Michael Keaton in Birdman, J K Simmons in Whiplash, Eddie Redmayne as Stephen Hawking in the Theory of Everything, and the late Philip Seymour Hoffman in God’s Pocket and A Most Wanted Man were all first rate. My Best Actor, though, goes to David Oyewolo as Martin Luther King, not just to right the wrongs of the Oscar nominations, but because his charismatic performance was truly spellbinding, conveying a real sense of King’s intelligence, dignity, fear and self doubt, and of the frightening and bigoted world African Americans confronted in the struggle for equality.

As always, the opportunities for exciting roles for women actors weren’t as plentiful. My favourites were Felicity Jones in the Theory of Everything, Berenice Bejo in The Past, and Rosamund Pike in Gone Girl, but my winner is Marion Cotillard in the French film Two Days, One Night for a convincingly honest and moving performance in a great film.

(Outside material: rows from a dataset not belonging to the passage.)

(* Let $C,C'',C'$ be three columns of the diagram of a composition of $n$, all of the same height $s$, with $C$ to the left of $C''$ and $C''$ to the left of $C'$, and such that $C''$ is the only column of height $s$ lying strictly between $C$ and $C'$ (so $(C,C'')$ and $(C'',C')$ are pairs of neighbouring columns). Then there is a non-zero scalar $\lambda\in\mathbb C$ such that $$f_{C,C'}=\lambda\, f_{C,C''}\, f_{C'',C'}$$ as polynomial functions on $\mathfrak m$.
   Context: Let $n\ge 2$ and $G=SL(n,\mathbb C)$. Let $B$ be the upper triangular matrices in $G$, $H$ the diagonal ones, $\mathfrak h=\mathrm{Lie}(H)$ and $\mathfrak n$ the strictly upper triangular matrices. Write $x_{i,j}$ for the matrix unit with $1$ in position $(i,j)$. A composition $(c_1,\dots,c_k)$ of $n$ (positive integers with sum $n$) determines the standard parabolic subgroup $P\supseteq B$ of block upper triangular matrices with diagonal blocks of sizes $c_1,\dots,c_k$. Let $\mathfrak m$ be the Lie algebra of the unipotent radical of $P$, i.e. the span of the $x_{i,j}$ with $i<j$ lying in different diagonal blocks. Let $P'$ be the derived group of $P$, acting on $\mathfrak m$ by the adjoint action. Diagram and tableau: the composition is represented by columns $C_1,\dots,C_k$ from left to right, where $C_i$ consists of $c_i$ boxes placed in rows $R_1,\dots,R_{c_i}$ (rows numbered from top to bottom). The boxes are filled with $1,\dots,n$ so that $C_i$ contains $c_1+\dots+c_{i-1}+1,\dots,c_1+\dots+c_i$, increasing downwards. The height of $C_i$ is $c_i$. Two columns of the same height $s$ are called neighbouring if no column of height $s$ lies strictly between them. The function $f_{C,C'}$: for two columns $C$ (left) and $C'$ (right) of the same height $s$, let $J$ be the interval of integers from the smallest entry of $C$ to the largest entry of $C'$, and $N=|J|$. For $X\in\mathfrak m$ let $X_J$ be the $N\times N$ principal submatrix of $X$ with rows and columns indexed by $J$. For an indeterminate $a$, let $M_{C,C'}(X,a)$ be the determinant of the $(N-s)\times(N-s)$ submatrix of $X_J+a\,\mathrm{Id}_N$ formed by its first $N-s$ rows and its last $N-s$ columns. Let $d$ be the number of boxes lying strictly below row $R_s$ in the columns strictly between $C$ and $C'$. Then $M_{C,C'}(X,a)$ is divisible by $a^{d}$ as a polynomial in $a$, and $f_{C,C'}(X)$ is defined as the value at $a=0$ of $a^{-d}M_{C,C'}(X,a)$ (the Benlolo–Sanderson invariant of the pair $C,C'$ when $C,C'$ are neighbouring). *)

(* The complex numbers are modelled as R[i] = complex R
   for an arbitrary R : realType (a complete archimedean ordered field,
   i.e. a model of the real numbers). *)
From HB Require Import structures.
From mathcomp Require Import all_boot all_order all_algebra.
From mathcomp Require Import reals complex.
Set Implicit Arguments. Unset Strict Implicit. Unset Printing Implicit Defensive.
Import Order.TTheory GRing.Theory Num.Theory.
Local Open Scope ring_scope.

Not quite as great as my winner for Best Foreign Language film, though. The Past was close, as was the haunting Ida, and the atmospheric and chilling psychological thriller Stranger by the Lake, but the winner is Benedikt Erlingsson’s Of Horses and Men. Quite simply, I’ve never seen a film like it – beautifully filmed, shocking, unexpected and darkly comic. One of the first films I saw at Arthouse but with two scenes that will be forever imprinted on my memory.

Best original song has to be ‘Glory’ from Selma, sung by Common and John Legend and Best Original Score goes to Alexander Desplat (The Grand Budapest Hotel).

It’s all been fantastic entertainment, and now there’s another year of exciting films ahead of us at Arthouse – I can’t wait!